> INSTRUCTIONS FOR THE TASK
Set down every entry again exactly as it stands below.

Dataset entries:
(* Let $\mathcal G$ be a directed graph with no self loops, with $n$ vertices and edge set $\mathcal E=\{1,\dots,m\}$, and let $B=S-D$ be its incidence matrix. Let $g\in\mathcal E$ and $x\in\mathbb{R}^m$, and let \[ z=(I+B^\mathsf{T}DE^g)\,x. \] Then $z_g=0$. Moreover, for every edge $l\in\mathcal E$ with $\mathrm{src}(l)\neq\mathrm{dst}(g)$ and $\mathrm{dst}(l)\neq\mathrm{dst}(g)$, we have $z_l=x_l$.
   Context: $S,D\in\mathbb{R}^{n\times m}$ are defined by $S_{ie}=1$ if node $i$ is the source of edge $e$ (else $0$), and $D_{ie}=1$ if node $i$ is the destination of edge $e$ (else $0$). $\mathrm{src}(e)$ and $\mathrm{dst}(e)$ denote the source and destination of edge $e$. $E^g\in\mathbb{R}^{m\times m}$ is the matrix with all entries zero except $E^g_{gg}=1$. *)

From mathcomp Require Import all_boot all_order all_algebra.
Set Implicit Arguments. Unset Strict Implicit. Unset Printing Implicit Defensive.
Import GRing.Theory Num.Theory.
Local Open Scope ring_scope.

(* A directed graph with n vertices and m edges 'I_m (edges 1..m are 0..m-1),
   given by source and destination maps. *)

Definition srcmx (R : ringType) (n m : nat) (src : 'I_m -> 'I_n) : 'M[R]_(n, m) :=
  \matrix_(i < n, e < m) (if i == src e then 1 else 0).

Definition dstmx (R : ringType) (n m : nat) (dst : 'I_m -> 'I_n) : 'M[R]_(n, m) :=
  \matrix_(i < n, e < m) (if i == dst e then 1 else 0).

Definition incmx (R : ringType) (n m : nat) (src dst : 'I_m -> 'I_n) : 'M[R]_(n, m) :=
  srcmx R src - dstmx R dst.

Definition Eg (R : ringType) (m : nat) (g : 'I_m) : 'M[R]_m := delta_mx g g.

From mathcomp Require Import all_boot all_order all_algebra.
Import GRing.Theory Num.Theory.
Local Open Scope ring_scope.

(* Since [B^T D E^g x] has a single nonzero column, [z = x + x_g B^T e_(dst g)],
   i.e. [z_l = x_l + x_g B_(dst g, l)]. The entry [B_(dst g, l)] vanishes unless
   [l] touches [dst g], and equals [-1] for [l = g] because [g] is not a loop. *)

Lemma mulmx_delta_mxE (R : ringType) (m n p q : nat) (A : 'M[R]_(m, n))
    (j : 'I_n) (k : 'I_p) (C : 'M[R]_(p, q)) i l :
  (A *m delta_mx j k *m C) i l = A i j * C k l.
Proof.
rewrite -(mul_delta_mx (0 : 'I_1)) mulmxA -colE -mulmxA -rowE.
by rewrite mxE big_ord1 !mxE.
Qed.

Lemma mulmx_dstmxE (R : ringType) (p n m : nat) (dst : 'I_m -> 'I_n)
    (A : 'M[R]_(p, n)) i e :
  (A *m dstmx R dst) i e = A i (dst e).
Proof.
rewrite mxE (bigD1 (dst e)) //= big1 => [|k /negbTE nk]; rewrite mxE.
  by rewrite eqxx mulr1 addr0.
by rewrite nk mulr0.
Qed.

Lemma incmxE (R : ringType) (n m : nat) (src dst : 'I_m -> 'I_n) i e :
  incmx R src dst i e = (i == src e)%:R - (i == dst e)%:R.
Proof. by rewrite !mxE; case: eqP; case: eqP. Qed.

Lemma incmx_update_entry (R : ringType) (n m : nat) (src dst : 'I_m -> 'I_n)
    (g : 'I_m) (x : 'cV[R]_m) l :
  ((1%:M + (incmx R src dst)^T *m dstmx R dst *m Eg R g) *m x) l 0 =
  x l 0 + incmx R src dst (dst g) l * x g 0.
Proof.
by rewrite mulmxDl mul1mx mxE mulmx_delta_mxE mulmx_dstmxE mxE.
Qed.

Theorem lemma3 (R : realFieldType) (n m : nat) (src dst : 'I_m -> 'I_n)
  (noloop : forall e : 'I_m, src e != dst e)
  (g : 'I_m) (x : 'cV[R]_m) :
  let B := incmx R src dst in
  let z := (1%:M + B^T *m dstmx R dst *m Eg R g) *m x in
  z g 0 = 0 /\
  (forall l : 'I_m, src l != dst g -> dst l != dst g -> z l 0 = x l 0).
Proof.
move=> B z; rewrite /z /B; split=> [|l srcl dstl];
  rewrite incmx_update_entry incmxE.
  by rewrite eq_sym (negbTE (noloop g)) eqxx sub0r mulN1r subrr.
by rewrite eq_sym (negbTE srcl) eq_sym (negbTE dstl) subrr mul0r addr0.
Qed.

> RESPONSE FOR THIS EXERCISE
(* Let $\mathcal G$ be a directed graph with no self loops, with $n$ vertices and edge set $\mathcal E=\{1,\dots,m\}$, and let $B=S-D$ be its incidence matrix. Let $g\in\mathcal E$ and $x\in\mathbb{R}^m$, and let \[ z=(I+B^\mathsf{T}DE^g)\,x. \] Then $z_g=0$. Moreover, for every edge $l\in\mathcal E$ with $\mathrm{src}(l)\neq\mathrm{dst}(g)$ and $\mathrm{dst}(l)\neq\mathrm{dst}(g)$, we have $z_l=x_l$.
   Context: $S,D\in\mathbb{R}^{n\times m}$ are defined by $S_{ie}=1$ if node $i$ is the source of edge $e$ (else $0$), and $D_{ie}=1$ if node $i$ is the destination of edge $e$ (else $0$). $\mathrm{src}(e)$ and $\mathrm{dst}(e)$ denote the source and destination of edge $e$. $E^g\in\mathbb{R}^{m\times m}$ is the matrix with all entries zero except $E^g_{gg}=1$. *)

From mathcomp Require Import all_boot all_order all_algebra.
Set Implicit Arguments. Unset Strict Implicit. Unset Printing Implicit Defensive.
Import GRing.Theory Num.Theory.
Local Open Scope ring_scope.

(* A directed graph with n vertices and m edges 'I_m (edges 1..m are 0..m-1),
   given by source and destination maps. *)

Definition srcmx (R : ringType) (n m : nat) (src : 'I_m -> 'I_n) : 'M[R]_(n, m) :=
  \matrix_(i < n, e < m) (if i == src e then 1 else 0).

Definition dstmx (R : ringType) (n m : nat) (dst : 'I_m -> 'I_n) : 'M[R]_(n, m) :=
  \matrix_(i < n, e < m) (if i == dst e then 1 else 0).

Definition incmx (R : ringType) (n m : nat) (src dst : 'I_m -> 'I_n) : 'M[R]_(n, m) :=
  srcmx R src - dstmx R dst.

Definition Eg (R : ringType) (m : nat) (g : 'I_m) : 'M[R]_m := delta_mx g g.

From mathcomp Require Import all_boot all_order all_algebra.
Import GRing.Theory Num.Theory.
Local Open Scope ring_scope.

(* Since [B^T D E^g x] has a single nonzero column, [z = x + x_g B^T e_(dst g)],
   i.e. [z_l = x_l + x_g B_(dst g, l)]. The entry [B_(dst g, l)] vanishes unless
   [l] touches [dst g], and equals [-1] for [l = g] because [g] is not a loop. *)

Lemma mulmx_delta_mxE (R : ringType) (m n p q : nat) (A : 'M[R]_(m, n))
    (j : 'I_n) (k : 'I_p) (C : 'M[R]_(p, q)) i l :
  (A *m delta_mx j k *m C) i l = A i j * C k l.
Proof.
rewrite -(mul_delta_mx (0 : 'I_1)) mulmxA -colE -mulmxA -rowE.
by rewrite mxE big_ord1 !mxE.
Qed.

Lemma mulmx_dstmxE (R : ringType) (p n m : nat) (dst : 'I_m -> 'I_n)
    (A : 'M[R]_(p, n)) i e :
  (A *m dstmx R dst) i e = A i (dst e).
Proof.
rewrite mxE (bigD1 (dst e)) //= big1 => [|k /negbTE nk]; rewrite mxE.
  by rewrite eqxx mulr1 addr0.
by rewrite nk mulr0.
Qed.

Lemma incmxE (R : ringType) (n m : nat) (src dst : 'I_m -> 'I_n) i e :
  incmx R src dst i e = (i == src e)%:R - (i == dst e)%:R.
Proof. by rewrite !mxE; case: eqP; case: eqP. Qed.

Lemma incmx_update_entry (R : ringType) (n m : nat) (src dst : 'I_m -> 'I_n)
    (g : 'I_m) (x : 'cV[R]_m) l :
  ((1%:M + (incmx R src dst)^T *m dstmx R dst *m Eg R g) *m x) l 0 =
  x l 0 + incmx R src dst (dst g) l * x g 0.
Proof.
by rewrite mulmxDl mul1mx mxE mulmx_delta_mxE mulmx_dstmxE mxE.
Qed.

Theorem lemma3 (R : realFieldType) (n m : nat) (src dst : 'I_m -> 'I_n)
  (noloop : forall e : 'I_m, src e != dst e)
  (g : 'I_m) (x : 'cV[R]_m) :
  let B := incmx R src dst in
  let z := (1%:M + B^T *m dstmx R dst *m Eg R g) *m x in
  z g 0 = 0 /\
  (forall l : 'I_m, src l != dst g -> dst l != dst g -> z l 0 = x l 0).
Proof.
move=> B z; rewrite /z /B; split=> [|l srcl dstl];
  rewrite incmx_update_entry incmxE.
  by rewrite eq_sym (negbTE (noloop g)) eqxx sub0r mulN1r subrr.
by rewrite eq_sym (negbTE srcl) eq_sym (negbTE dstl) subrr mul0r addr0.
Qed.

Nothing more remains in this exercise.